■ THE PROBLEM ■
Starting at the first line of the listing below and ending at the line with "rewrite -(sum_kid_mul h", copy each line exactly.

■ MATERIAL PROVIDED ■
Lemma kexp_spread (h : nat -> R) i : (i <= J)%N -> kexp spread h i =
  if tight i then h i else left_weight i * h (prev_tight i) + right_weight i * h (next_tight i).
Proof.
move=> hi; rewrite /kexp /spread; case: (tight i); first exact: sum_kid_mul.
rewrite -(sum_kid_mul h (prev_tight_le i)) -(sum_kid_mul h (next_tight_le i)).
by rewrite !mulr_sumr -big_split /=; apply: eq_bigr => k _; ring.
Qed.

Lemma martingale_kernel_spread : martingale_kernel spread.
Proof.
move=> i hi; case: (boolP (tight i)) => ti.
  have [K0 K1 Kx] := martingale_kernel_kid hi.
  by split; rewrite ?kexp_spread ?ti // => k hk; rewrite /spread ti; apply: K0.
have [h1 h2] := x_tight_bracket hi ti.
have wl : 0 <= left_weight i by apply: divr_ge0; lra.
have wr : 0 <= right_weight i by apply: divr_ge0; lra.
split; first by move=> k hk; rewrite /spread (negbTE ti) addr_ge0 // mulr_ge0 ?ler0n.
  by rewrite kexp_spread // (negbTE ti) /left_weight /right_weight; field; lra.
by rewrite kexp_spread // (negbTE ti) /left_weight /right_weight; field; lra.
Qed.

Definition spread_price (k : nat) : R := \sum_(i < J.+1) p i * kexp spread (call k) i.

Lemma spread_price_tight z : (z <= J)%N -> tight z -> spread_price z = call_price p z.
Proof.
move=> hz tz; apply: eq_bigr => i _; congr (_ * _); rewrite kexp_spread ?leq_ord //.
case: ifP => // /negbT ti; have [h1 h2] := x_tight_bracket (leq_ord i) ti.
rewrite /call /left_weight /right_weight; apply: call_affine_in_spot; first lra.
  by rewrite !ltW.
case: (tight_outside (leq_ord i) ti hz tz) => hg; [left | right]; apply: x_le => //.
exact: prev_tight_le.
Qed.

■ RESULT OF THIS TASK ■
Lemma kexp_spread (h : nat -> R) i : (i <= J)%N -> kexp spread h i =
  if tight i then h i else left_weight i * h (prev_tight i) + right_weight i * h (next_tight i).
Proof.
move=> hi; rewrite /kexp /spread; case: (tight i); first exact: sum_kid_mul.
rewrite -(sum_kid_mul h (prev_tight_le i)) -(sum_kid_mul h (next_tight_le i)).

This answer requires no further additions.